Saga, by Brian K Vaughn and Fiona Staples, is something new: a space opera about nonviolence.
Saga starts with a galaxy at war. Sister planets, one with sufficiently advanced technology and the other with sufficiently advanced magic, snap at one another’s throats in proxy battles across a vast and varied cosmos. Two young soldiers from the opposed armies fall in love and desert, carrying their newborn child away from the fighting.
The war, of course, follows them.
On first glance, it’s easy to mistake the story for a clever and fast-paced mashup of common tales. We’ve seen the galactic space opera. We’ve seen conflicts between science and magic. We’ve seen countless reconfigurations of Romeo and Juliet. We’ve seen bringing-up-baby stories. And if that’s all Saga were, it would still stand out for the quality of its art, writing, pacing, and humor.
But… Well. Genre writers have a dirty secret, which is far less secret than it is dirty.
Violence is fun.
Not actual real-life violence, I mean, most of us aren’t so mental as to think that. But, you know, if the story’s slowing down, why not pep it up with a solid fistfight? Or perhaps a dragon emerges from the cave. Or a flight of TIE fighters swings by on patrol! Raymond Chandler had the right idea. Don’t know what to do? Bring in a guy with a gun.
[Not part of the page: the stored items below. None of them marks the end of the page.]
(* Moving mass [min (y a) (1 - y c)] from [a] to [c] stays feasible. *)
Lemma optimal_allocation_exchange c a : y c < 1 -> 0 < y a -> w c <= w a.
Proof.
move=> yc1 ya0; have [->//|ne] := eqVneq a c.
pose d := Order.min (y a) (1 - y c).
have d0 : 0 < d by rewrite lt_min ya0 subr_gt0.
have dya : d <= y a by rewrite ge_min lexx.
have dyc : d <= 1 - y c by rewrite ge_min lexx orbT.
pose z a' := y a' + (if a' == c then d else 0) - (if a' == a then d else 0).
have sum_delta e : \sum_a' (if a' == e then d else 0) = d.
  by rewrite -big_mkcond big_pred1_eq.
have wsum_delta e : \sum_a' w a' * (if a' == e then d else 0) = w e * d.
  by rewrite (bigD1 e) //= eqxx big1 ?addr0 // => a' /negbTE ->; rewrite mulr0.
have z_bounds a' : 0 <= z a' <= 1.
  rewrite /z; have [-> | nc] := eqVneq a' c.
    have /andP[yc0 _] := y_bounds c.
    by rewrite eq_sym (negbTE ne) subr0; apply/andP; split; lra.
  have [-> | na] := eqVneq a' a; rewrite addr0.
    by have /andP[_ ya1] := y_bounds a; apply/andP; split; lra.
  by rewrite subr0 y_bounds.
have z_sum : \sum_a' z a' = B by rewrite sumrB big_split /= y_sum !sum_delta addrK.
have := y_opt z_bounds z_sum.
under eq_bigr do rewrite mulrBr mulrDr.
rewrite sumrB big_split /= !wsum_delta => exchange_le.
by rewrite -(ler_pM2r d0); lra.
Qed.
By itself there’s nothing wrong with using violence in this way. The action’s fun to write, and if you have characters who are good at violence, fight scenes are a great way to show them off. But it’s an easy slip from using violence to solve the writer’s problem — I want something jarring and fast-paced to happen here — to using violence as a solution to the character’s problems. Obi-Wan cuts off that guy’s* arm in the cantina and it’s awesome, and there are no consequences. Heck, the first Star Wars movie ends with an awe-inspiring and climactic act of violence. In self-defense, but still, how many people do you think Luke kills on that first Death Star?**
As a result of this slippage, stories emerge in which the solution to violence is more violence, committed in the name of peace—which works. Violence incurs no consequences for the victorious party. We don’t see (at least in Star Wars itself) the million war orphans with a vendetta against Skywalker for killing their fathers and mothers on the Death Star. We don’t see the Imperial anti-rebel propaganda campaign that results from the destruction of the greatest space station ever built.
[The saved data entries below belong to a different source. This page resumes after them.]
(* Let $A=(a(x),dF(x))$ and $B=(b(x),dF(x))$ be games. Then $h(p)=1/\int\frac{1}{pa(x)+(1-p)b(x)}\,dF(x)$ is concave on $[0,1]$.
   Context: A game is a pair $(a(x),dF(x))$ with $dF$ a probability measure on $\mathbb{R}$ and $a\ge0$ measurable with finite positive integral. Convention: $1/(+\infty)=0$. *)

From HB Require Import structures.
From mathcomp Require Import all_boot all_order all_algebra.
From mathcomp Require Import all_classical all_reals all_analysis.
Import Order.TTheory GRing.Theory Num.Theory.
Local Open Scope classical_set_scope.
Local Open Scope ring_scope.
Local Open Scope ereal_scope.

Definition is_game {R : realType} (F : probability R R) (a : R -> R) : Prop :=
  [/\ measurable_fun setT a,
      (forall x, (0 <= a x)%R),
      0 < \int[F]_x (a x)%:E &
      \int[F]_x (a x)%:E < +oo].

(* h(p) = 1 / \int 1/(p a(x) + (1-p) b(x)) dF(x), computed in the extended
   reals: 1/0 = +oo inside the integral and 1/(+oo) = 0 (inve). *)
Definition hmix {R : realType} (F : probability R R) (a b : R -> R) (p : R)
  : \bar R :=
  (\int[F]_x (((p * a x + (1 - p) * b x)%R)%:E)^-1)^-1.

From HB Require Import structures.
From mathcomp Require Import all_boot all_order all_algebra.
From mathcomp Require Import all_classical all_reals all_analysis.
From mathcomp Require Import measurable_realfun.
From mathcomp Require Import ring lra.
Import Order.TTheory GRing.Theory Num.Theory.

(* Write G p = \int dF / (p a + (1 - p) b), so that h = 1 / G; G p > 0 because
   the integrand is everywhere positive (1/0 = +oo), hence h p is finite.
   Given p, q, t, put m = t h(p) + (1 - t) h(q) and l1 = h(p)/m, l2 = h(q)/m,
   so that t l1 + (1 - t) l2 = 1.  Convexity of the perspective (l, u) |-> l^2/u
   gives pointwise 1/(t u + (1 - t) v) <= t l1^2/u + (1 - t) l2^2/v; with
   u = p a + (1 - p) b and v = q a + (1 - q) b, integration yields
   G(t p + (1 - t) q) <= t l1^2 G(p) + (1 - t) l2^2 G(q) = 1/m,
   i.e. h(t p + (1 - t) q) >= m. *)

Set Implicit Arguments.
Unset Strict Implicit.

Local Open Scope classical_set_scope.
Local Open Scope ring_scope.

Lemma sqr_div_convex (R : realFieldType) (t l1 l2 u v : R) :
  0 <= t <= 1 -> 0 < u -> 0 < v ->
  (t * l1 + (1 - t) * l2) ^+ 2 / (t * u + (1 - t) * v)
    <= t * l1 ^+ 2 / u + (1 - t) * l2 ^+ 2 / v.
Proof.
move=> /andP[t0 t1] u0 v0.
have w0 : 0 < t * u + (1 - t) * v by nra.
rewrite -subr_ge0.
have -> : t * l1 ^+ 2 / u + (1 - t) * l2 ^+ 2 / v
    - (t * l1 + (1 - t) * l2) ^+ 2 / (t * u + (1 - t) * v)
  = t * (1 - t) * (l1 * v - l2 * u) ^+ 2 / (u * v * (t * u + (1 - t) * v)).
  by field; rewrite !gt_eqF.
by apply: divr_ge0; [rewrite mulr_ge0 ?sqr_ge0 ?mulr_ge0 ?subr_ge0 | rewrite ltW ?mulr_gt0].
Qed.

Lemma convex_comb_itv01 (R : realFieldType) (p q t : R) :
  0 <= p <= 1 -> 0 <= q <= 1 -> 0 <= t <= 1 -> 0 <= t * p + (1 - t) * q <= 1.
Proof. by move=> /andP[? ?] /andP[? ?] /andP[? ?]; apply/andP; split; nra. Qed.

Local Open Scope ereal_scope.

Lemma inve_mix0l_le (R : realFieldType) (t l1 l2 v : R) :
  (0 <= t <= 1)%R -> (t * l1 + (1 - t) * l2 = 1)%R -> (0 <= v)%R ->
  ((t * 0 + (1 - t) * v)%R%:E)^-1
    <= (t * l1 ^+ 2)%:E * (0%:E)^-1 + ((1 - t) * l2 ^+ 2)%:E * (v%:E)^-1.
Proof.
(* Either t l1^2 > 0 and the right side is +oo, or t l1 = 0, (1 - t) l2 = 1
   and both sides equal 1/((1 - t) v). *)
move=> /andP[t0 t1] l12 v0; rewrite inve0 mulr0 add0r.
have c2v_ge0 : 0 <= ((1 - t) * l2 ^+ 2)%:E * (v%:E)^-1.
  by apply: mule_ge0; rewrite ?inve_ge0 lee_fin // mulr_ge0 ?sqr_ge0 ?subr_ge0.
have := mulr_ge0 t0 (sqr_ge0 l1); rewrite le0r => /predU1P[c1_eq0|c1_gt0]; last first.
  by rewrite gt0_muley ?lte_fin // addye ?leey // gt_eqF // (lt_le_trans _ c2v_ge0).
have {l12} l12 : ((1 - t) * l2 = 1)%R.
  move/eqP: c1_eq0; rewrite mulf_eq0 sqrf_eq0 => /orP[]/eqP e;
  by move: l12; rewrite e ?mul0r ?mulr0 add0r.
have l2_gt0 : (0 < l2)%R by nra.
have -> : ((1 - t) * l2 ^+ 2 = l2)%R by rewrite expr2 mulrA l12 mul1r.
rewrite c1_eq0 mul0e add0e.
move: v0; rewrite le0r => /predU1P[->|v_gt0].
  by rewrite mulr0 inve0 gt0_muley ?lte_fin.
have l2E : (1 - t = l2^-1)%R.
  by apply: (mulIf (lt0r_neq0 l2_gt0)); rewrite l12 mulVf ?gt_eqF.
by rewrite l2E !inver !gt_eqF ?mulr_gt0 ?invr_gt0 // -EFinM lee_fin invfM invrK mulrC.
Qed.

Lemma inve_mix_le (R : realFieldType) (t l1 l2 u v : R) :
  (0 <= t <= 1)%R -> (t * l1 + (1 - t) * l2 = 1)%R -> (0 <= u)%R -> (0 <= v)%R ->
  ((t * u + (1 - t) * v)%R%:E)^-1
    <= (t * l1 ^+ 2)%:E * (u%:E)^-1 + ((1 - t) * l2 ^+ 2)%:E * (v%:E)^-1.
Proof.
move=> t01 l12 u0 v0; move: u0; rewrite le0r => /predU1P[->|u_gt0].
  exact: inve_mix0l_le.
move: v0; rewrite le0r => /predU1P[->|v_gt0].
- have t01' : (0 <= 1 - t <= 1)%R by case/andP: t01 => ? ?; apply/andP; split; lra.
  have := @inve_mix0l_le _ (1 - t) l2 l1 u t01'.
  by rewrite subKr addrC l12 addrC addeC; apply => //; exact: ltW.
- have w_gt0 : (0 < t * u + (1 - t) * v)%R by case/andP: t01 => t0 t1; nra.
  rewrite !inver !gt_eqF // -!EFinM -EFinD lee_fin.
  by have := sqr_div_convex l1 l2 t01 u_gt0 v_gt0; rewrite l12 expr1n div1r.
Qed.

Lemma measurable_EFin_inv {R : realType} :
  measurable_fun [set: R] (fun r : R => (r%:E)^-1).
Proof.
have -> : (fun r : R => (r%:E)^-1) = fun r => if r == 0%R then +oo else (r^-1)%:E.
  by apply/funext => r; rewrite inver.
apply: measurable_fun_if => //; first exact: measurable_fun_eqr.
apply/measurable_EFinP; rewrite setTI.
rewrite (_ : _ @^-1` _ = ~` [set 0%R]); last by apply/seteqP; split => r /=; case: eqP.
apply: open_continuous_measurable_fun.
  exact/closed_openC/accessible_closed_set1/hausdorff_accessible/Rhausdorff.
by move=> r; rewrite inE => /eqP r0; exact: inv_continuous.
Qed.

Lemma integral_gt0 d (T : measurableType d) (R : realType)
    (mu : {measure set T -> \bar R}) (D : set T) (f : T -> \bar R) :
  measurable D -> 0 < mu D -> measurable_fun D f ->
  (forall x, D x -> 0 < f x) -> 0 < \int[mu]_(x in D) f x.
Proof.
move=> mD muD_gt0 mf f_gt0.
rewrite lt_neqAle integral_ge0 ?andbT; last by move=> x /f_gt0/ltW.
apply/eqP => int_f0.
have : \int[mu]_(x in D) `|f x| = 0.
  by rewrite int_f0; apply: eq_integral => x /[!inE] /f_gt0/ltW/gee0_abs.
case/(ae_eq_integral_abs mu mD mf) => N [mN muN0 DN].
have : mu D <= mu N.
  apply: le_measure; rewrite ?inE //.
  by move=> x Dx; apply: DN => /(_ Dx) fx0; move: (f_gt0 x Dx); rewrite fx0 ltxx.
by rewrite muN0 leNgt muD_gt0.
Qed.

Lemma mulr_sqr_inve (R : realFieldType) (c x : R) :
  (0 <= x)%R -> (c * x ^+ 2)%:E * (x%:E)^-1 = (c * x)%:E.
Proof.
(* At x = 0 both sides vanish, as 0 * +oo = 0. *)
rewrite le0r => /predU1P[->|x_gt0]; first by rewrite expr0n !mulr0 mul0e.
by rewrite inver gt_eqF // -EFinM; congr EFin; field; rewrite gt_eqF.
Qed.

Section mixed_game.
Variables (R : realType) (F : probability R R) (a b : R -> R).
Hypotheses (ma : measurable_fun setT a) (mb : measurable_fun setT b).
Hypotheses (a_ge0 : forall x, (0 <= a x)%R) (b_ge0 : forall x, (0 <= b x)%R).

Definition mix (p x : R) : R := (p * a x + (1 - p) * b x)%R.

Definition mix_inv_integral (p : R) : \bar R := \int[F]_x ((mix p x)%:E)^-1.

Lemma hmixE p : hmix F a b p = (mix_inv_integral p)^-1.
Proof. by []. Qed.

Lemma mix_ge0 p x : (0 <= p <= 1)%R -> (0 <= mix p x)%R.
Proof. by case/andP=> p0 p1; rewrite addr_ge0 ?mulr_ge0 ?subr_ge0. Qed.

Lemma mix_affine p q t x :
  mix (t * p + (1 - t) * q) x = (t * mix p x + (1 - t) * mix q x)%R.
Proof. by rewrite /mix; ring. Qed.

Lemma measurable_mix_inv p : measurable_fun setT (fun x => ((mix p x)%:E)^-1).
Proof.
have mmix : measurable_fun setT (mix p).
  by apply: measurable_funD; apply: measurable_funM => //; exact: measurable_cst.
exact: measurableT_comp measurable_EFin_inv mmix.
Qed.

Lemma mix_inv_ge0 p x : (0 <= p <= 1)%R -> 0 <= ((mix p x)%:E)^-1.
Proof. by move=> p01; rewrite inve_ge0 lee_fin mix_ge0. Qed.

Lemma mix_inv_integral_gt0 p : (0 <= p <= 1)%R -> 0 < mix_inv_integral p.
Proof.
move=> p01; apply: integral_gt0 => //; first by have /= -> := probability_setT F.
  exact: measurable_mix_inv.
move=> x _; rewrite inver; case: ifPn => [_|mix_neq0]; first exact: ltey.
by rewrite lte_fin invr_gt0 lt0r mix_neq0 mix_ge0.
Qed.

Lemma mix_inv_integral_le p q t l1 l2 :
  (0 <= p <= 1)%R -> (0 <= q <= 1)%R -> (0 <= t <= 1)%R ->
  (t * l1 + (1 - t) * l2 = 1)%R ->
  mix_inv_integral (t * p + (1 - t) * q)
    <= (t * l1 ^+ 2)%:E * mix_inv_integral p
       + ((1 - t) * l2 ^+ 2)%:E * mix_inv_integral q.
Proof.
move=> p01 q01 t01 l12; have [t0 t1] := andP t01.
have f_ge0 r : (0 <= r <= 1)%R -> forall x, setT x -> 0 <= ((mix r x)%:E)^-1.
  by move=> r01 x _; exact: mix_inv_ge0.
have cf_ge0 c r : (0 <= c)%R -> (0 <= r <= 1)%R ->
    forall x, setT x -> 0 <= c%:E * ((mix r x)%:E)^-1.
  by move=> c0 r01 x _; rewrite mule_ge0 ?lee_fin ?mix_inv_ge0.
have mcf c r : measurable_fun setT (fun x => c%:E * ((mix r x)%:E)^-1).
  by apply: emeasurable_funM => //; exact: measurable_mix_inv.
have c1_ge0 : (0 <= t * l1 ^+ 2)%R by rewrite mulr_ge0 ?sqr_ge0.
have c2_ge0 : (0 <= (1 - t) * l2 ^+ 2)%R by rewrite mulr_ge0 ?sqr_ge0 ?subr_ge0.
rewrite /mix_inv_integral.
rewrite -(ge0_integralZl_EFin _ _ (f_ge0 _ p01) (measurable_mix_inv p)) //.
rewrite -(ge0_integralZl_EFin _ _ (f_ge0 _ q01) (measurable_mix_inv q)) //.
have y01 := convex_comb_itv01 p01 q01 t01.
rewrite -ge0_integralD //; [|exact: cf_ge0|exact: cf_ge0].
apply: ge0_le_integral => //.
- exact: f_ge0.
- exact: measurable_mix_inv.
- exact: emeasurable_funD.
- by move=> x _; rewrite mix_affine inve_mix_le ?mix_ge0.
Qed.

Lemma hmix_fin p : (0 <= p <= 1)%R ->
  exists2 h : R, (0 <= h)%R & hmix F a b p = h%:E /\ mix_inv_integral p = (h%:E)^-1.
Proof.
move=> p01; have G_gt0 := mix_inv_integral_gt0 p01.
have G_inv_fin : (mix_inv_integral p)^-1 \is a fin_num.
  by apply: fin_numV; rewrite gt_eqF // (lt_trans _ G_gt0) ?ltNy0.
exists (fine (hmix F a b p)); first by rewrite fine_ge0 // inve_ge0 ltW.
by rewrite fineK // hmixE inveK.
Qed.

Lemma hmix_concave p q t :
  (0 <= p <= 1)%R -> (0 <= q <= 1)%R -> (0 <= t <= 1)%R ->
  t%:E * hmix F a b p + (1 - t)%:E * hmix F a b q
    <= hmix F a b (t * p + (1 - t) * q).
Proof.
move=> p01 q01 t01; have [t0 t1] := andP t01.
have [hp hp_ge0 [-> Gp]] := hmix_fin p01.
have [hq hq_ge0 [-> Gq]] := hmix_fin q01.
have y01 := convex_comb_itv01 p01 q01 t01.
rewrite -!EFinM -EFinD; set m := (t * hp + (1 - t) * hq)%R.
have /predU1P[m0|m_gt0] : ((m == 0) || (0 < m))%R.
  by rewrite -le0r addr_ge0 ?mulr_ge0 ?subr_ge0.
  by rewrite m0 hmixE inve_ge0; apply: integral_ge0 => x _; exact: mix_inv_ge0.
have l12 : (t * (hp / m) + (1 - t) * (hq / m) = 1)%R.
  by rewrite !mulrA -mulrDl divff ?gt_eqF.
have coefE c h : (c * (h / m) ^+ 2 = c / m ^+ 2 * h ^+ 2)%R.
  by field; rewrite gt_eqF.
have := mix_inv_integral_le p01 q01 t01 l12.
rewrite Gp Gq !coefE !mulr_sqr_inve // -EFinD.
have -> : (t / m ^+ 2 * hp + (1 - t) / m ^+ 2 * hq = m^-1)%R.
  by rewrite /m; field; rewrite -/m gt_eqF.
rewrite hmixE inve_pge ?inE ?lee_fin ?(ltW m_gt0) //; last first.
  by apply: integral_ge0 => x _; exact: mix_inv_ge0.
by rewrite inver gt_eqF.
Qed.

End mixed_game.

Theorem lemmaD10 (R : realType) (F : probability R R) (a b : R -> R) :
  is_game F a -> is_game F b ->
  forall p q t : R,
    (0 <= p <= 1)%R -> (0 <= q <= 1)%R -> (0 <= t <= 1)%R ->
    t%:E * hmix F a b p + (1 - t)%:E * hmix F a b q
      <= hmix F a b (t * p + (1 - t) * q)%R.
Proof. by move=> [ma a_ge0 _ _] [mb b_ge0 _ _]; exact: hmix_concave. Qed.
I’m using Star Wars examples because they’re big and obvious and everyone knows them. I love Star Wars, and my point here isn’t that Star Wars is at fault for the story it tells. The problem is, the other story — the story where the edda continues, where Grand Moff Tarkin’s son grows up seeking wergild or vengeance for his father’s death — that one isn’t told.
CREDIT: Image Comics
And that’s the story Saga presents. Saga contains a ton of badass characters, running around the galaxy accomplishing their goals by a variety of means, including super-impressive violence, all drawn beautifully by Staples, whose art evokes the visceral excitement of conflict without flinching from its pain and pointlessness. Often, the violence in Saga is insanely cathartic for the reader, too. (When the Will, a freelancer mercenary, makes a particular kill in issue #4, I think I actually dropped the comic, stood up, and cheered.) But each time, bar none, violence is used as a solution, it creates new problems, many of which outweigh the problems the initial violence was meant to solve.
CREDIT: Image Comics
The best part is, this approach is excellent for storytelling. Every bit of violence creates a new problem. Sometimes these new problems are as direct and simple waking up a Cthonic horror due to a weapon’s misfire. Sometimes they’re so indirect it’s easy to mistake the web of consequences for coincidence — a pile of bodies left behind leads to a secondary (innocent) character being shot by trigger-happy law enforcement, which drags a new antagonist into the evolving web, and endangers the life of a fourth character, and on and on. Meanwhile, the few true untrammeled successes in the book emerge from win-win, nonviolent bargains, and from raw emotional vulnerability and honesty.
So, we have characters striving for peace in a galaxy riven by war — but the peace they want can’t come through superior firepower. With that avenue of simple violence blocked, Saga and its characters are forced to look for better solutions.
And I have no idea whether they’ll succeed.
Let me put that another way. In Saga, Vaughn and Staples have created a vivid, powerful, and ultimately pacifist work. And by so doing, they have written a classical space opera that surprises at every turn.
Which is something new and beautiful all on its own.
*Yes, I know his name is Ponda Baba. It’s not pertinent to this discussion.
**At least 1.16 million humans staffed the first Death Star, according to HowStuffWorks. I can’t find an official source for this stat though. I can find sources substantiating the Death Star 2’s crew compliment of ~2 milion and change; since the Death Star 2 is roughly 200 times the size of DS1 (diameter of 900km vs. diameter of 160km), if crew compliment scales linearly with volume, we’re probably looking at closer to 10,000 people on the DS1, which seems small considering that an Imperial-class ISD hosts 37,000. Either way, that’s a lot of dead folks.